Strictly speaking, the classic Spanish cocktail sangria contains red wine, a sweet drink such as lemonade, a touch of brandy and a handful of chopped fruits. However, sangria is a drink with many variations that may feature white wine, orange juice, honey or ginger beer. You may certainly include champagne in sangria. It creates a more bubbly but highly refreshing summer cocktail.
What to Add
There are almost as many sangria ingredient variations as there are Spaniards in Barcelona. A general rule for the liquid ingredients is three parts wine or champagne to one part juice and two parts lemonade. Add about an ounce or 2 of brandy or triple sec for every bottle of champagne. The sharpness of citrus fruit goes well with champagne, but you may also add other types of fruit, including peaches, sliced apple and blueberries. A mix of fruits makes the flavors more complex and refreshing.
Mix It Up
Sangria starts with the base. Set up a large punch bowl and pour in the non-alcoholic ingredients, such as the lemonade and orange juice. Chop up and add the fruit. Bruise and lightly mash any harder fruits, such as apples and peaches, to help mix the flavors. Drop in the brandy shot, then add chilled champagne last. Pour it in slowly, to prevent it from fizzing up, and stir it gently to combine all of the ingredients. Add ice to keep it nice and cold.
Serve It Up
Because champagne and some lemonades are carbonated, drink the champagne sangria as soon as possible after mixing. Refrigerating it overnight will leave you with a flat drink that's lost its verve. If you like your drink light on fruit, pour the sangria into champagne glasses to enjoy the bubbles. If you prefer a few chunks of peach or citrus in your sangria, use tumblers or punch glasses.

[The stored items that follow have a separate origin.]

(* Let $P$ and $Q$ be two probability distributions on a finite set $\mathcal{A}$ that are positive on $\mathcal{A}$. Then $$\min_{x\in\mathcal{A}}\frac{P(x)}{Q(x)}\cdot\chi^2(Q,P)\;\le\;\frac{\chi^2(P,Q)}{1+\chi^2(P,Q)}\;\le\;\max_{x\in\mathcal{A}}\frac{P(x)}{Q(x)}\cdot\chi^2(Q,P).$$
   Context: For positive probability distributions $P,Q$ on a finite set $\mathcal{A}$, the chi-squared divergence is $\chi^2(P,Q)=\sum_{x\in\mathcal{A}}\frac{(P(x)-Q(x))^2}{Q(x)}$; thus $\chi^2(Q,P)=\sum_{x\in\mathcal{A}}\frac{(Q(x)-P(x))^2}{P(x)}$. *)

From mathcomp Require Import all_boot all_order all_algebra.
Set Implicit Arguments. Unset Strict Implicit. Unset Printing Implicit Defensive.
Import Order.TTheory GRing.Theory Num.Theory.
Local Open Scope ring_scope.

Definition chi2 (R : realFieldType) (A : finType) (P Q : A -> R) : R :=
  \sum_(x : A) (P x - Q x) ^+ 2 / Q x.

(* min / max over the (nonempty) finite set A of f; x0 : A is any element,
   used only as the seed of the iterated min/max. *)
Definition fmin (R : realFieldType) (A : finType) (x0 : A) (f : A -> R) : R :=
  \big[Num.min/f x0]_(x : A) f x.
Definition fmax (R : realFieldType) (A : finType) (x0 : A) (f : A -> R) : R :=
  \big[Num.max/f x0]_(x : A) f x.

From mathcomp Require Import all_boot all_order all_algebra.
From mathcomp Require Import ring lra.
Set Implicit Arguments. Unset Strict Implicit. Unset Printing Implicit Defensive.
Import Order.TTheory GRing.Theory Num.Theory.
Local Open Scope ring_scope.

(* Write r x = P x / Q x.  Termwise, (P - Q)^2 / Q = r (Q - P)^2 / P, which gives
   the upper bound at once.  For the lower bound put S = sum P^2/Q = 1 + chi2 P Q
   and T = sum Q^2/P = 1 + chi2 Q P; if m <= r x everywhere, summing the pointwise
   inequality (P - m Q) (P - S Q)^2 >= 0 over x yields S^2 m (T - 1) <= S (S - 1),
   which is the claim after dividing by S. *)

Section FiniteExtrema.

Variables (R : realFieldType) (A : finType) (x0 : A) (f : A -> R).

Lemma fmin_le x : fmin x0 f <= f x.
Proof. by rewrite /fmin (bigD1 x) //= ge_min lexx. Qed.

Lemma le_fmax x : f x <= fmax x0 f.
Proof. by rewrite /fmax (bigD1 x) //= le_max lexx. Qed.

Lemma fmin_gt0 : (forall x, 0 < f x) -> 0 < fmin x0 f.
Proof.
move=> f_gt0; apply: (big_ind (fun y => 0 < y)) => // a b a_gt0 b_gt0.
by rewrite lt_min a_gt0 b_gt0.
Qed.

End FiniteExtrema.

Section ChiSquared.

Variables (R : realFieldType) (A : finType) (P Q : A -> R).
Hypotheses (P_gt0 : forall x, 0 < P x) (Q_gt0 : forall x, 0 < Q x).

Lemma chi2_ge0 : 0 <= chi2 P Q.
Proof.
by apply: sumr_ge0 => x _; rewrite divr_ge0 ?sqr_ge0 ?ltW.
Qed.

Lemma chi2_le_scale_rev (M : R) :
  (forall x, P x <= M * Q x) -> chi2 P Q <= M * chi2 Q P.
Proof.
move=> PleMQ; rewrite /chi2 mulr_sumr; apply: ler_sum => x _.
have p_gt0 := P_gt0 x; have q_gt0 := Q_gt0 x.
have -> : (P x - Q x) ^+ 2 / Q x = P x / Q x * ((Q x - P x) ^+ 2 / P x).
  by field; rewrite !lt0r_neq0.
apply: ler_wpM2r; first by rewrite divr_ge0 ?sqr_ge0 ?ltW.
by rewrite ler_pdivrMr.
Qed.

Hypotheses (sum_P : \sum_x P x = 1) (sum_Q : \sum_x Q x = 1).

Lemma chi2_sum_sqr : chi2 P Q = \sum_x P x ^+ 2 / Q x - 1.
Proof.
have -> : chi2 P Q = \sum_x (P x ^+ 2 / Q x - 2 * P x + Q x).
  by apply: eq_bigr => x _; field; rewrite lt0r_neq0.
by rewrite !big_split /= sumrN -mulr_sumr sum_P sum_Q; ring.
Qed.

End ChiSquared.

(* The difference of the two sides is (p - m q) (p - s q)^2 / (p q). *)
Lemma cubic_ratio_ineq (R : realFieldType) (p q m s : R) :
  0 < p -> 0 < q -> m * q <= p ->
  s ^+ 2 * m * (q ^+ 2 / p) <= (s ^+ 2 + 2 * m * s) * q - (2 * s + m) * p + p ^+ 2 / q.
Proof.
move=> p_gt0 q_gt0 mq_le_p; rewrite -subr_ge0.
have -> : (s ^+ 2 + 2 * m * s) * q - (2 * s + m) * p + p ^+ 2 / q
          - s ^+ 2 * m * (q ^+ 2 / p) = (p - m * q) * (p - s * q) ^+ 2 / (p * q).
  by field; rewrite !lt0r_neq0.
apply: divr_ge0; last by rewrite mulr_ge0 ?ltW.
by rewrite mulr_ge0 ?sqr_ge0 ?subr_ge0.
Qed.

Lemma scale_chi2_rev_le (R : realFieldType) (A : finType) (P Q : A -> R) (m : R)
  (P_gt0 : forall x, 0 < P x) (Q_gt0 : forall x, 0 < Q x)
  (sum_P : \sum_x P x = 1) (sum_Q : \sum_x Q x = 1) :
  0 <= m -> (forall x, m * Q x <= P x) ->
  m * chi2 Q P <= chi2 P Q / (1 + chi2 P Q).
Proof.
move=> m_ge0 mQ_le_P.
pose S := \sum_x P x ^+ 2 / Q x; pose T := \sum_x Q x ^+ 2 / P x.
have -> : chi2 P Q = S - 1 by exact: chi2_sum_sqr.
have -> : chi2 Q P = T - 1 by exact: chi2_sum_sqr.
have S_ge1 : 1 <= S by have := chi2_ge0 P Q_gt0; rewrite chi2_sum_sqr // -/S; lra.
have summed : S ^+ 2 * m * T <= S ^+ 2 + 2 * m * S - S - m.
  have : \sum_x S ^+ 2 * m * (Q x ^+ 2 / P x) <=
         \sum_x ((S ^+ 2 + 2 * m * S) * Q x - (2 * S + m) * P x + P x ^+ 2 / Q x).
    by apply: ler_sum => x _; exact: cubic_ratio_ineq.
  rewrite -mulr_sumr !big_split /= sumrN -!mulr_sumr sum_P sum_Q -/S -/T.
  by rewrite !mulr1; lra.
have mS_ge0 : 0 <= m * (S - 1) ^+ 2 by rewrite mulr_ge0 ?sqr_ge0.
have -> : 1 + (S - 1) = S by ring.
rewrite ler_pdivlMr; last lra.
rewrite -(ler_pM2l (_ : 0 < S)); last lra.
lra.
Qed.

Theorem corollary2 (R : realFieldType) (A : finType) (x0 : A) (P Q : A -> R)
  (hP : forall x, 0 < P x) (hQ : forall x, 0 < Q x)
  (sP : \sum_(x : A) P x = 1) (sQ : \sum_(x : A) Q x = 1) :
  fmin x0 (fun x => P x / Q x) * chi2 Q P <= chi2 P Q / (1 + chi2 P Q)
  /\ chi2 P Q / (1 + chi2 P Q) <= fmax x0 (fun x => P x / Q x) * chi2 Q P.
Proof.
set r := fun x => P x / Q x.
have chi2PQ_ge0 := chi2_ge0 P hQ.
split.
- apply: scale_chi2_rev_le => //; first exact/ltW/fmin_gt0/(fun x => divr_gt0 _ _).
  by move=> x; rewrite -ler_pdivlMr //; exact: (fmin_le x0 r x).
- have chi2_le : chi2 P Q <= fmax x0 r * chi2 Q P.
    apply: chi2_le_scale_rev => // x.
    by rewrite -ler_pdivrMr //; exact: (le_fmax x0 r x).
  apply: le_trans chi2_le; rewrite ler_pdivrMr; last lra.
  by rewrite ler_peMr // lerDl.
Qed.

The fruit options for champagne sangria are almost limitless. Add 2 cups of chopped watermelon to create a colorful, fruity drink. Grapes and bananas also work well against the fizz of the champagne. Drop sprigs of mint in each glass for extra freshness. Switching the spirit from brandy to other options, such as Grand Marnier or orange liqueur, to create slightly different flavors.